Cursive connectivity. Arabic is a cursive script by nature — letters within a word are connected, and their shape changes depending on their position within the word (initial, medial, final, or isolated form). A single character like ع (ʿayn) has four distinct visual forms. An OCR model trained to recognize isolated characters cannot handle Arabic; it must be trained to recognize characters in context, accounting for the connectivity and shape variation. This requires significantly more training data and model complexity than Latin character recognition.
Diacritics (tashkeel). Short vowel markers in Arabic — fatha, kasra, damma, sukun, shadda, and others — are small marks placed above or below the base letters. They are optional in most modern Arabic text (newspapers, business documents, web content) but mandatory in the Quran and educational texts for children. OCR systems that handle undiacritized text well may fail entirely on heavily diacritized text, because the marks overlap with characters in ways that confuse segmentation algorithms. Conversely, models trained on diacritized text may produce incorrect output when applied to documents without diacritics.
Right-to-left directionality with mixed content. Arabic is written right to left. Documents that mix Arabic with Latin script, numbers, URLs, or technical terms are bidirectional — some segments run left-to-right within an overall right-to-left flow. OCR systems must correctly identify the directionality of each text segment, and text reconstruction must apply the Unicode Bidirectional Algorithm correctly to produce output that reads in the intended order. Errors in directionality produce output that is technically character-correct but positionally scrambled.
Ligatures. Certain letter combinations in Arabic are rendered as a single connected glyph — the most common being the lam-alef combination (لا), which has no direct correspondence to individual character boundaries. OCR must map these ligature glyphs back to their constituent Unicode characters, which requires explicit handling in the character mapping layer.

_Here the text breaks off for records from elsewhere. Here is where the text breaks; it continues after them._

Lemma contract_tmul_swap psi (psi_lin : lin_form psi) b b' a a' j :
  \sum_i psi (opB i b' b) *: opA (i, j) a' a =
  \sum_l tauW l j *: \sum_i psi (opB i b b') *: opA (i, l) a a'.
Proof.
under eq_bigr do rewrite eqB eqA (lin_form_sumZ psi_lin) scaler_sumr.
under eq_bigr do under eq_bigr do rewrite scalerA.
rewrite exchange_big /=.
under eq_bigr do rewrite -scaler_suml.
under [RHS]eq_bigr do rewrite scaler_sumr.
rewrite [RHS]exchange_big /= [RHS]pair_bigA /=.
apply: eq_bigr => -[m l] _ /=.
by rewrite scalerA /black_tau /= sum_dual_tau_black_tau.
Qed.

Lemma tensor_equivariant j t1 t2 :
  teq (tmul opB opA j t2 t1)
      (\big[cat/[::]]_(l : J) tscale (tauW l j) (tmul opB opA l t1 t2)).
Proof.
apply/teqP => psi psi_lin; rewrite contract_bigcat.
under [RHS]eq_bigr do
  rewrite (contract_tscale psi_lin) /contract big_tmul scaler_sumr.
rewrite /contract big_tmul exchange_big /= [RHS]exchange_big /=.
apply: eq_bigr => x _.
under [RHS]eq_bigr do rewrite scaler_sumr.
rewrite [RHS]exchange_big /=; apply: eq_bigr => y _.
exact: contract_tmul_swap.
Qed.

End Equivariance.

Definition coef3 (psi : B -> K) (X : 'I_3 -> B) : F3 K I :=
  fun k i i' => psi (opB i (opB i' (X (c3 k 1)) (X (c3 k 2))) (X k)).

Lemma lin_form_eval3 psi (psi_lin : lin_form psi) (c : F3 K I) X :
  psi (eval3 opB c X) =
  \sum_(k < 3) \sum_(i : I) \sum_(i' : I) c k i i' * coef3 psi X k i i'.
Proof.
rewrite /eval3 (lin_form_sum psi_lin); apply: eq_bigr => k _.
rewrite (lin_form_sum psi_lin); apply: eq_bigr => i _.
rewrite (lin_form_sum psi_lin); apply: eq_bigr => i' _.
exact: lin_formZ.
Qed.

Lemma contract_teval psi (psi_lin : lin_form psi) s t :
  contract psi (teval (tmul opB opA) s t) =
  \sum_(x0 <- t (inord 0)) \sum_(x1 <- t (inord 1)) \sum_(x2 <- t (inord 2))
    let X := pick3 x0 x1 x2 in
    eval3 opA (black3 (coef3 psi (fun m => (X m).1)) s) (fun m => (X m).2).
Proof.
pose G k (x y z : B * A) := \sum_(p : I * J) \sum_(q : I * J)
  (psi (opB p.1 (opB q.1 x.1 y.1) z.1) * s k p.2 q.2) *: opA p (opA q x.2 y.2) z.2.
rewrite -[RHS](big_cyclic3 t G) /teval contract_bigcat; apply: eq_bigr => k _.
rewrite contract_bigcat; under eq_bigr do rewrite contract_bigcat; under eq_bigr do
  under eq_bigr do rewrite (contract_tscale psi_lin) /contract big_tmul big_tmul.
have pull_out (T : Type) (r : seq T) (F : J -> J -> T -> A) :
    \sum_j \sum_j' s k j j' *: \sum_(x <- r) F j j' x =
    \sum_(x <- r) \sum_j \sum_j' s k j j' *: F j j' x.
  under eq_bigr do under eq_bigr do rewrite scaler_sumr.
  by under eq_bigr do rewrite exchange_big; rewrite exchange_big.
rewrite pull_out; apply: eq_bigr => x _; rewrite pull_out; apply: eq_bigr => y _.
under eq_bigr do under eq_bigr do rewrite exchange_big.
rewrite pull_out; apply: eq_bigr => z _; rewrite /G.
under eq_bigr do under eq_bigr do
  (rewrite scaler_sumr; under eq_bigr do rewrite scaler_sumr).
under eq_bigr do rewrite exchange_big.
under eq_bigr do under eq_bigr do rewrite exchange_big.
under eq_bigr do rewrite exchange_big.
rewrite exchange_big pair_bigA; apply: eq_bigr => -[i j] _.
rewrite pair_bigA; apply: eq_bigr => -[i' j'] _ /=.
by rewrite scalerA mulrC.
Qed.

Font and style variation. Arabic typography includes a wide range of calligraphic and sans-serif styles — Naskh, Thuluth, Ruq'ah, Nastaliq — each with significant visual variation from the others. An OCR model trained primarily on Naskh (the most common in print) will perform noticeably worse on Ruq'ah (common in handwritten and informal contexts) or Nastaliq (common in Urdu and Persian typography). For historical manuscripts or archival documents, the style variation is even more pronounced.